Plibersek noted some 83% of the Victorian government’s proposed Renewable Energy Terminal, located 72km from Melbourne, would sit within the Western Port Ramsar Wetland, resulting in “permanent and irreversible damage” to the internationally protected area.

“It would also have involved dredging up to 92 hectares in the wetland to allow ships to access the wharf,” she found.

Plibersek’s decision was welcomed by many in the environmental activist community. Victorian National Parks Association (VNPA) nature campaigner Shannon Hurley noted that the proposed terminal at the site placed Western Port at risk — a bird sanctuary that supports 65% of Victoria’s threatened bird species.

During the five years to 2019, however, 24 coal projects and 116 gas wells have been approved under the EPBC Act. Plibersek has personally greenlit four coal projects since 2022, principal adviser Mark Ogge from The Australia Institute’s Climate & Energy program noted.

“What is more concerning is that the rare decision to refuse a project as ‘clearly unacceptable’ under EPBC law seems to be disproportionately applied to renewable energy projects and never applied to fossil projects that are clearly unacceptable,” Ogge told Crikey.

“The nearby HESC brown coal hydrogen gasification export terminal, also in Victoria’s Western Port Bay, will require intensive dredging that will also impact the wetlands, and is a horrendously emissions-heavy form of energy production.

“It should be ruled out immediately.”

EPBC laws date back a quarter of a century

Australia’s EPBC laws underwent an independent review in December 2022 preceding a damning conclusion they were “duplicative, inefficient and costly for the environment, business and the community”. New laws are set to be introduced to Parliament sometime this year.

The Greens have called for a moratorium on all new coal and gas projects while the country awaits reforms to the outdated act, which as it stands does not force Plibersek to consider the greenhouse gas emissions of a proposed project before approving it.

The act names nine “matters of national environmental significance (MNES)” that the minister must consider the impact upon. They are world heritage and national heritage places, internationally important wetlands, threatened species and ecological communities, migratory species, Commonwealth marine areas, the Great Barrier Reef Marine Park, nuclear actions, and water resources.

Even a quarter of a century ago, excluding high emissions from the MNES list was seen as an oversight. Then Liberal environment minister Robert Hill introduced a greenhouse trigger in 2000 that would allow the minister to veto a project that would release more than half a million tonnes of carbon dioxide equivalent in a year. It was defeated following an outcry from the fossil fuel industry.

Five years later in 2005, Anthony Albanese took up the mantle as the opposition’s environment spokesperson, declaring a “glaring gap in matters of national environmental significance is climate change” in a rousing speech to Parliament following his private member bill.

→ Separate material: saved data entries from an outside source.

(* Let $0<b<a$, $c=\sqrt{a^2-b^2}$, and let $h>0$ be defined by $\sinh(h/2)=c/b$ (equivalently $\cosh(h/2)=a/b$, $\tanh(h/2)=c/a$). For $\lambda\in(0,b)$ let the modulus $k\in(0,1)$ be given by $k^2=(a^2-b^2)/(a^2-\lambda^2)$, let $K=K(k)$, $K'=K(\sqrt{1-k^2})$, let $\delta\in(0,2K)$ be given by $\operatorname{sn}(\delta/2,k)=\lambda/b$, and set $\zeta=2K-\delta\in(0,2K)$. Let $\tilde q_0(t)=(a\operatorname{sn}(t,k),\,b\operatorname{cn}(t,k))$ and $\hat q_0(s)=(a\tanh s,\,b\operatorname{sech} s)$. Then \[\lim_{\lambda\to b^-}k=1,\quad \lim_{\lambda\to b^-}K=+\infty,\quad \lim_{\lambda\to b^-}K'=\pi/2,\quad \lim_{\lambda\to b^-}\zeta=h,\] and moreover \[\lim_{\lambda\to b^-}\tilde q_0(t)=\hat q_0(t),\qquad \lim_{\lambda\to b^-}\tilde q_0(t\pm\delta)=-\hat q_0(t\mp h),\] where both limits are uniform on compact subsets of $\mathbb{R}$, but not uniform on $\mathbb{R}$.
   Context: $K(k)=\int_0^{\pi/2}(1-k^2\sin^2\phi)^{-1/2}\,d\phi$ is the complete elliptic integral of the first kind. The amplitude $\varphi=\operatorname{am}(t,k)$ is defined by $t=\int_0^\varphi(1-k^2\sin^2\phi)^{-1/2}d\phi$, and $\operatorname{sn}(t,k)=\sin\varphi$, $\operatorname{cn}(t,k)=\cos\varphi$ are the Jacobian elliptic sine and cosine. *)

From Stdlib Require Import Reals Lra ClassicalEpsilon.
From Coquelicot Require Import Coquelicot.
Open Scope R_scope.

Definition ellF (k phi : R) : R :=
  RInt (fun x => / sqrt (1 - k ^ 2 * sin x ^ 2)) 0 phi.

Definition ellK (k : R) : R := ellF k (PI / 2).

(* Jacobi amplitude: the phi with F(phi,k) = t (unique for 0 <= k < 1) *)
Definition am (t k : R) : R :=
  epsilon (inhabits 0) (fun phi => ellF k phi = t).

Definition sn (t k : R) : R := sin (am t k).
Definition cn (t k : R) : R := cos (am t k).

Definition sech (s : R) : R := / cosh s.

Definition kmod (a b lam : R) : R := sqrt ((a ^ 2 - b ^ 2) / (a ^ 2 - lam ^ 2)).
Definition Kl (a b lam : R) : R := ellK (kmod a b lam).
Definition Kpl (a b lam : R) : R := ellK (sqrt (1 - kmod a b lam ^ 2)).
Definition deltal (a b lam : R) : R :=
  epsilon (inhabits 0)
    (fun d => 0 < d < 2 * Kl a b lam /\ sn (d / 2) (kmod a b lam) = lam / b).
Definition zetal (a b lam : R) : R := 2 * Kl a b lam - deltal a b lam.

Definition qt1 (a b lam t : R) : R := a * sn t (kmod a b lam).
Definition qt2 (a b lam t : R) : R := b * cn t (kmod a b lam).
Definition qh1 (a b s : R) : R := a * tanh s.
Definition qh2 (a b s : R) : R := b * sech s.

Definition unif_compact (b : R) (f : R -> R -> R * R) (g : R -> R * R) : Prop :=
  forall M eps : R, 0 < eps ->
    at_left b (fun lam => forall t, Rabs t <= M ->
      Rabs (fst (f lam t) - fst (g t)) < eps /\ Rabs (snd (f lam t) - snd (g t)) < eps).

Definition unif_R (b : R) (f : R -> R -> R * R) (g : R -> R * R) : Prop :=
  forall eps : R, 0 < eps ->
    at_left b (fun lam => forall t,
      Rabs (fst (f lam t) - fst (g t)) < eps /\ Rabs (snd (f lam t) - snd (g t)) < eps).

From Stdlib Require Import Reals Lra ClassicalEpsilon.
From Coquelicot Require Import Coquelicot.
Open Scope R_scope.

(* As k -> 1 the integrand of F(., k) tends to 1/cos, and F(gd s, 1) = s for the
   Gudermannian gd = atan o sinh; quantitatively |F(gd s, k) - s| <= |s| (1 - k^2) e^(2|s|).
   Since F(., k) expands distances, am(., k) -> gd uniformly on compact sets, so
   (sn, cn) -> (sin gd, cos gd) = (tanh, sech); the same bound gives K(k) -> +oo, and
   K(k') -> PI/2 because the integrand for k' tends to 1.  For the shifted curves,
   am(t +- 2K) = am(t) +- PI reduces t +- delta to t -+ zeta, and the complementary-argument
   identity F(atan(cot x / k'), k) + F(x, k) = K gives zeta = 2 F(gd s, k) with
   sinh s = sqrt(a^2 - lam^2) / lam -> sinh(h/2).  Uniformity on R fails because the second
   component of each limit has a fixed sign, while cn(., k) takes the values 1 and -1 at
   points depending on lam. *)

Lemma MVT_R (f df : R -> R) (x y : R) :
  (forall z, is_derive f z (df z)) ->
  exists c, Rmin x y <= c <= Rmax x y /\ f y - f x = df c * (y - x).
Proof.
  intros Hf; apply (MVT_gen f x y df); intros z _; [apply Hf|].
  apply continuity_pt_filterlim, (ex_derive_continuous (V := R_NormedModule)).
  eexists; apply Hf.
Qed.

Lemma lipschitz_of_derive_bound (f df : R -> R) (L x y : R) :
  (forall z, is_derive f z (df z)) -> (forall z, Rabs (df z) <= L) ->
  Rabs (f y - f x) <= L * Rabs (y - x).
Proof.
  intros Hf Hdf; destruct (MVT_R f df x y Hf) as [c [_ ->]].
  rewrite Rabs_mult; apply Rmult_le_compat_r; [apply Rabs_pos | apply Hdf].
Qed.

Lemma sin_lipschitz (x y : R) : Rabs (sin y - sin x) <= Rabs (y - x).
Proof.
  rewrite <- (Rmult_1_l (Rabs (y - x))); apply (lipschitz_of_derive_bound sin cos).
  - intro z; auto_derive; auto; ring.
  - intro z; apply Rabs_le; pose proof (COS_bound z); lra.
Qed.

Lemma cos_lipschitz (x y : R) : Rabs (cos y - cos x) <= Rabs (y - x).
Proof.
  rewrite <- (Rmult_1_l (Rabs (y - x))).
  apply (lipschitz_of_derive_bound cos (fun z => - sin z)).
  - intro z; auto_derive; auto; ring.
  - intro z; apply Rabs_le; pose proof (SIN_bound z); lra.
Qed.

Lemma continuous_at_left (f : R -> R) (x : R) :
  continuous f x -> filterlim f (at_left x) (locally (f x)).
Proof.
  intros Hf; apply (filterlim_filter_le_1 _ (G := at_left x) (F := locally x)); [|exact Hf].
  intros P HP; exact (filter_imp _ _ (fun y Py _ => Py) HP).
Qed.

Lemma filterlim_locally_Rabs {T : Type} (F : (T -> Prop) -> Prop) {FF : Filter F}
    (f : T -> R) (l : R) :
  filterlim f F (locally l) -> forall eps, 0 < eps -> F (fun x => Rabs (f x - l) < eps).
Proof. intros Hf eps He; exact (proj1 (filterlim_locally f l) Hf (mkposreal eps He)). Qed.

Lemma filterlim_of_dominated {T : Type} (F : (T -> Prop) -> Prop) {FF : Filter F}
    (f g : T -> R) (l C : R) :
  F (fun x => Rabs (f x - l) <= C * Rabs (g x)) -> filterlim g F (locally 0) ->
  filterlim f F (locally l).
Proof.
  intros Hfg Hg; apply filterlim_locally; intros eps.
  assert (HC : 0 < Rabs C + 1) by (pose proof (Rabs_pos C); lra).
  assert (He : 0 < eps / (Rabs C + 1)) by (apply Rdiv_lt_0_compat; [apply cond_pos | lra]).
  generalize (filter_and _ _ Hfg (filterlim_locally_Rabs F g 0 Hg _ He)).
  apply filter_imp; intros x [Hx Hgx]; rewrite Rminus_0_r in Hgx.
  change (Rabs (f x - l) < eps).
  assert (C * Rabs (g x) <= Rabs C * Rabs (g x))
    by (apply Rmult_le_compat_r; [apply Rabs_pos | apply Rle_abs]).
  apply (Rmult_lt_compat_l (Rabs C + 1)) in Hgx; [|lra].
  replace ((Rabs C + 1) * (eps / (Rabs C + 1))) with (pos eps) in Hgx by (field; lra).
  pose proof (Rabs_pos (g x)); nra.
Qed.

Lemma cosh_sq (x : R) : cosh x ^ 2 = 1 + sinh x ^ 2.
Proof.
  unfold cosh, sinh.
  assert (exp x * exp (- x) = 1) by (rewrite <- exp_plus, Rplus_opp_r; apply exp_0).
  nra.
Qed.

Lemma cosh_ge_1 (x : R) : 1 <= cosh x.
Proof.
  assert (0 < cosh x) by (unfold cosh; pose proof (exp_pos x); pose proof (exp_pos (- x)); lra).
  pose proof (cosh_sq x); pose proof (pow2_ge_0 (sinh x)); nra.
Qed.

Lemma sech_pos (x : R) : 0 < sech x.
Proof. apply Rinv_0_lt_compat; pose proof (cosh_ge_1 x); lra. Qed.

Lemma sech_le_1 (x : R) : sech x <= 1.
Proof. rewrite <- Rinv_1; apply Rinv_le_contravar; [lra | apply cosh_ge_1]. Qed.

Lemma sqrt_1_plus_sinh_sq (x : R) : sqrt (1 + (sinh x)²) = cosh x.
Proof.
  unfold Rsqr; replace (1 + sinh x * sinh x) with (cosh x ^ 2) by (rewrite cosh_sq; ring).
  apply sqrt_pow2; pose proof (cosh_ge_1 x); lra.
Qed.

Lemma exp_le_exp (x y : R) : x <= y -> exp x <= exp y.
Proof.
  intros [Hxy | ->]; [apply Rlt_le, exp_increasing, Hxy | apply Rle_refl].
Qed.

Lemma Rabs_sinh_le_exp (x : R) : Rabs (sinh x) <= exp (Rabs x).
Proof.
  unfold sinh; pose proof (exp_pos x); pose proof (exp_pos (- x)).
  assert (exp x <= exp (Rabs x)) by (apply exp_le_exp, Rle_abs).
  assert (exp (- x) <= exp (Rabs x)) by (rewrite <- Rabs_Ropp; apply exp_le_exp, Rle_abs).
  apply Rabs_le; lra.
Qed.

Definition gd (s : R) : R := atan (sinh s).

Lemma sin_gd (s : R) : sin (gd s) = tanh s.
Proof. unfold gd, tanh; rewrite sin_atan, sqrt_1_plus_sinh_sq; reflexivity. Qed.

Lemma cos_gd (s : R) : cos (gd s) = sech s.
Proof. unfold gd, sech; rewrite cos_atan, sqrt_1_plus_sinh_sq; unfold Rdiv; ring. Qed.

Lemma is_derive_gd (s : R) : is_derive gd s (sech s).
Proof.
  apply is_derive_Reals; unfold gd, sech.
  replace (/ cosh s) with (/ (1 + sinh s ^ 2) * cosh s)
    by (rewrite <- cosh_sq; pose proof (cosh_ge_1 s); field; lra).
  apply (derivable_pt_lim_comp sinh atan s (cosh s));
    [apply derivable_pt_lim_sinh | apply derivable_pt_lim_atan].
Qed.

Lemma gd_lipschitz (x y : R) : Rabs (gd y - gd x) <= Rabs (y - x).
Proof.
  rewrite <- (Rmult_1_l (Rabs (y - x))); apply (lipschitz_of_derive_bound gd sech).
  - exact is_derive_gd.
  - intro z; rewrite Rabs_pos_eq; [apply sech_le_1 | apply Rlt_le, sech_pos].
Qed.

Definition ellF_integrand (k x : R) : R := / sqrt (1 - k ^ 2 * sin x ^ 2).

Lemma ellF_0 (k : R) : ellF k 0 = 0.
Proof. exact (RInt_point (V := R_CompleteNormedModule) 0 _). Qed.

Albanese’s climate trigger proposal failed as well.

But that doesn’t mean Plibersek’s hands are tied when it comes to the country’s filthiest projects, Ogge added.

“The minister could interpret the law as it is to refuse fossil fuel projects on climate grounds,” he said.

“It is open to the minister to decide large fossil fuel projects endanger MNES — for example, the Great Barrier Reef — by making climate change worse.

“She is choosing not to.”

Renewable energy goal still in sight

The decision to block the Port of Hastings terminal in Victoria hardly places Labor’s goal of 82% renewable energy by 2030 in “jeopardy”, as reporting in The Australian claimed.

Ogge noted offshore wind is forecast to make up just nine gigawatts (GW) of over 200 GW of wind and solar energy planned for the country’s grid by 2040.

It does not spell the end of the terminal either, as the Victorian government can appeal Plibersek’s decision or submit a different proposal for the project.

Victorian ­Energy Minister Lily D’Ambrosio said her department would be determining its next move after reviewing Plibersek’s feedback.

In September, D’Ambrosio said the now-vetoed site was chosen for its proximity to Gippsland wind farms and port precincts, as well as its deepwater channels and large swaths of zoned land.